◆ **What to produce**
Each line from the one that has "(leqnn #|S|) (And5" through the end of the entries below must be written out exactly; leave out all other lines.

◆ **Provided data**
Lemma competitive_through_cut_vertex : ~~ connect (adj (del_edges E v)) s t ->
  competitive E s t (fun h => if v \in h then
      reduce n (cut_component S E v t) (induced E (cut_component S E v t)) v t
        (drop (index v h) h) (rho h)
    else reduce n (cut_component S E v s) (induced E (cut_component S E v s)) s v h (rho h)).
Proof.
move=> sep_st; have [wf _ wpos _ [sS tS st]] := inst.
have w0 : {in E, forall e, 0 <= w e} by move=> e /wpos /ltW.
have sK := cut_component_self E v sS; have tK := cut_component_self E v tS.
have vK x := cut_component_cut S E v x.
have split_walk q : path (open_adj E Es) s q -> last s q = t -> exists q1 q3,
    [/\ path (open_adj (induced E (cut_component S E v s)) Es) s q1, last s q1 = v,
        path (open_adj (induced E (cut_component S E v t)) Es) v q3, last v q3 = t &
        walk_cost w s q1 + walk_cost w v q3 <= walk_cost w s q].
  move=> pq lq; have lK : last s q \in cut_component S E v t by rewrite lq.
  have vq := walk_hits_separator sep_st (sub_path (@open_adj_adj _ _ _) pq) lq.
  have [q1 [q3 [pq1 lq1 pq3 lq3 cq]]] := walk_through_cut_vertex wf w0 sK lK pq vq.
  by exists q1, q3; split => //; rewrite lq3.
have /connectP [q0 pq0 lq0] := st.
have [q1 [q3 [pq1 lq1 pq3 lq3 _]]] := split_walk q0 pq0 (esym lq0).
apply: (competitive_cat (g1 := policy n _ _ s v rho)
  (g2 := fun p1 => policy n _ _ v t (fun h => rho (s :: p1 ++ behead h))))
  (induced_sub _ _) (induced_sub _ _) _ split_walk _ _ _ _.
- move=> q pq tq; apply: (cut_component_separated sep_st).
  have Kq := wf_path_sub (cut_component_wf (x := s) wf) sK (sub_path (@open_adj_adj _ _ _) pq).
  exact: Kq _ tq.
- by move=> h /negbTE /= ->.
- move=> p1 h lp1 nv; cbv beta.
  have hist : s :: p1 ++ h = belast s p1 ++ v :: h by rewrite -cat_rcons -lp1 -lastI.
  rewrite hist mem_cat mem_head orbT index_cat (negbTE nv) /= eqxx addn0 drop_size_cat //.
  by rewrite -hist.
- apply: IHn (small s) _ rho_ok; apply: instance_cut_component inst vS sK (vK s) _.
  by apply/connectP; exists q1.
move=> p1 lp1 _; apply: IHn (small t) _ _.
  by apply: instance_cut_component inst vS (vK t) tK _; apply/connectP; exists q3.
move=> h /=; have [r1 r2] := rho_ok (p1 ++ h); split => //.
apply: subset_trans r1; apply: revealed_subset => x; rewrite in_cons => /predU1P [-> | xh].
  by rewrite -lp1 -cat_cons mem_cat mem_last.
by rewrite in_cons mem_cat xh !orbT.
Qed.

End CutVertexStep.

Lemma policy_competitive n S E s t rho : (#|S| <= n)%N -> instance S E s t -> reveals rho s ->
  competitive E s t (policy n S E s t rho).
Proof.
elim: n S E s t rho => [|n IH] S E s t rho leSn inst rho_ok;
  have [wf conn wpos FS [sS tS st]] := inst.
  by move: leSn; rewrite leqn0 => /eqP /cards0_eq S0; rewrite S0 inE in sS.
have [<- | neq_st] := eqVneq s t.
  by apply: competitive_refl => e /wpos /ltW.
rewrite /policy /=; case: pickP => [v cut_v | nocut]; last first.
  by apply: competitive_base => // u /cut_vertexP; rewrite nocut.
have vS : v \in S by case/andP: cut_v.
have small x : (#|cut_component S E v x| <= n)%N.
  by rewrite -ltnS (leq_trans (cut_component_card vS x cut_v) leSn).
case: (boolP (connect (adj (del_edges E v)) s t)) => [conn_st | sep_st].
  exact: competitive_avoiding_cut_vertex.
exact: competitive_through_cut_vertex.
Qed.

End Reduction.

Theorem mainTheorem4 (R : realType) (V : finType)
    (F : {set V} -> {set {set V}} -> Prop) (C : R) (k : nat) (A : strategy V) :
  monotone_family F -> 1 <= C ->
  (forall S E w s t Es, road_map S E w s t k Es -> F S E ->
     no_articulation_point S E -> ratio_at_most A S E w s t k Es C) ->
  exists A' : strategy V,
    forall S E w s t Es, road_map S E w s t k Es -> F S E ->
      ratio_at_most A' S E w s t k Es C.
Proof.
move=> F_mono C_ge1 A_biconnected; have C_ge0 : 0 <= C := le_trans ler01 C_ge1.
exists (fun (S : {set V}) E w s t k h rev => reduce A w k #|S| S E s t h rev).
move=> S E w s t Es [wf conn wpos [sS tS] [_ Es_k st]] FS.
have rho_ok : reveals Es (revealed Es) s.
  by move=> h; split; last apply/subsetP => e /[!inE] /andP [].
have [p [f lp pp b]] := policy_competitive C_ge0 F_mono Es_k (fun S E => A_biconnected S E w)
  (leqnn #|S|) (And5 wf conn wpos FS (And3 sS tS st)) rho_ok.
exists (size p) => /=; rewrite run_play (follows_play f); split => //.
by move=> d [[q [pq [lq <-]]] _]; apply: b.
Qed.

◆ **Exercise output**
  (leqnn #|S|) (And5 wf conn wpos FS (And3 sS tS st)) rho_ok.
exists (size p) => /=; rewrite run_play (follows_play f); split => //.
by move=> d [[q [pq [lq <-]]] _]; apply: b.
Qed.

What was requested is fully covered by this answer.